她的手指在我的耳后停住,然后缓缓下滑,贴着我的脖颈,停在锁骨凹陷处。
她没有立刻动作,而是将脸重新埋进我的颈窝,嘴唇几乎贴着我的皮肤,声音压得极低,透着一丝罕见的、隐晦的柔软与克制。
“……不用。”
她顿了顿,呼吸微微加重了一些,继续用那种几乎不带情绪、却又无比郑重的语气,低低地说:
“它……已经很久没被这样……只属于一个人的方式,留得这么久了。往后……也会继续这样。”

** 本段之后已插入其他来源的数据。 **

Lemma lq_orth_next N : (N < k)%N ->
  (forall i j, (i <= N)%N -> (j <= N)%N ->
     dotv (lq i) (lq j) = ((i == j) && (0 < i)%N)%:R) ->
  forall i, (i <= N)%N -> dotv (lq i) (lq N.+1) = 0.
Proof.
move=> Nk orthN [|i] iN; first by rewrite dotv0l.
case: N Nk orthN iN => [//|N] Nk orthN iN.
rewrite [lq N.+2]lq_succ_pos // dotvZr /lqhat !(dotvBr, dotvZr) dotv_mulmx symM.
move: iN; rewrite leq_eqVlt ltnS => /orP[/eqP[->]|iN].
  rewrite lq_norm; last exact: ltnW Nk.
  rewrite (orthN N.+1 N) // (gtn_eqF (ltnSn N)) mulr0 subr0 mulr1.
  by rewrite /lalpha -mulmxA -/(dotv _ _) dotvC subrr mulr0.
rewrite lanczos_mul; last exact: leq_ltn_trans iN (ltnW Nk).
have iN1 : (i <= N)%N := ltnW iN; have iN2 : (i <= N.+1)%N := leqW iN1.
rewrite !(dotvDl, dotvZl) !orthN //.
rewrite !eqSS (ltn_eqF iN) (ltn_eqF (iN1 : (i < N.+1)%N)) !ltn0Sn !andbT andFb.
by case: eqP => [<-|_]; rewrite ?mulr1n ?mulr0n; lra.
Qed.

Lemma lanczos_orthonormal i j : (i <= k)%N -> (j <= k)%N ->
  dotv (lq i) (lq j) = ((i == j) && (0 < i)%N)%:R.
Proof.
suff orth N : (N <= k)%N -> forall i j, (i <= N)%N -> (j <= N)%N ->
    dotv (lq i) (lq j) = ((i == j) && (0 < i)%N)%:R by apply: orth.
clear i j; elim: N => [_ [|//] [|//] _ _|N IH Nk i j]; first by rewrite dotv0l.
have orthN := IH (ltnW Nk).
rewrite leq_eqVlt => /orP[/eqP->|iN]; rewrite leq_eqVlt => /orP[/eqP->|jN].
- by rewrite eqxx lq_norm.
- by rewrite dotvC (lq_orth_next Nk orthN jN) (gtn_eqF jN).
- by rewrite (lq_orth_next Nk orthN iN) (ltn_eqF iN).
- exact: orthN.
Qed.

Lemma lanczosQ_col j : col j (lanczosQ k M b0) = lq j.+1.
Proof. by apply/colP => i; rewrite !mxE. Qed.

Lemma lanczosQ_tr_mul (v : 'cV[R]_n) j :
  ((lanczosQ k M b0)^T *m v) j 0 = dotv (lq j.+1) v.
Proof. by rewrite -lanczosQ_col dotvE !mxE; apply: eq_bigr => i _; rewrite !mxE. Qed.

Lemma lanczosQ_orthonormal : (lanczosQ k M b0)^T *m lanczosQ k M b0 = 1%:M.
Proof.
apply/matrixP => i j; have := lanczos_orthonormal (ltn_ord i) (ltn_ord j).
by rewrite eqSS andbT dotvE !mxE => <-; apply: eq_bigr => a _; rewrite !mxE.
Qed.

Lemma lanczosQ_tr_b0 : (lanczosQ k M b0)^T *m b0 = vnorm b0 *: e1 R k.
Proof.
have b0_gt0 : 0 < vnorm b0 by rewrite vnorm_gt0.
have b0E : vnorm b0 *: lq 1 = b0 by rewrite scalerA divff ?scale1r ?gt_eqF.
apply/colP => j; rewrite lanczosQ_tr_mul !mxE.
have -> : dotv (lq j.+1) b0 = vnorm b0 * dotv (lq j.+1) (lq 1) by rewrite -dotvZr b0E.
rewrite lanczos_orthonormal ?(leq_ltn_trans (leq0n j)) // eqSS andbT.
by case: (val j == 0%N).
Qed.

Lemma lanczosQ_tr_krylov : ((lanczosQ k M b0)^T <= krylov_mx k)%MS.
Proof.
apply/row_subP => j; rewrite -tr_col lanczosQ_col.
exact: submx_trans (lq_krylov j.+1) (krylov_mx_widen (ltn_ord j)).
Qed.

她的声音很轻,很缓,每一个字都像是从喉咙深处小心翼翼地挑出来,裹着一层暧昧与隐喻。
常人大抵是听不懂的。
但我想我理解了--此刻的凌音,希望我能继续连接着她的身体,以目前这种姿势,留得更久一些、更深一些、更彻底一些。
同时,我也懂得...
[您的浏览器未开启 JavaScript,请点击加载完整內容...]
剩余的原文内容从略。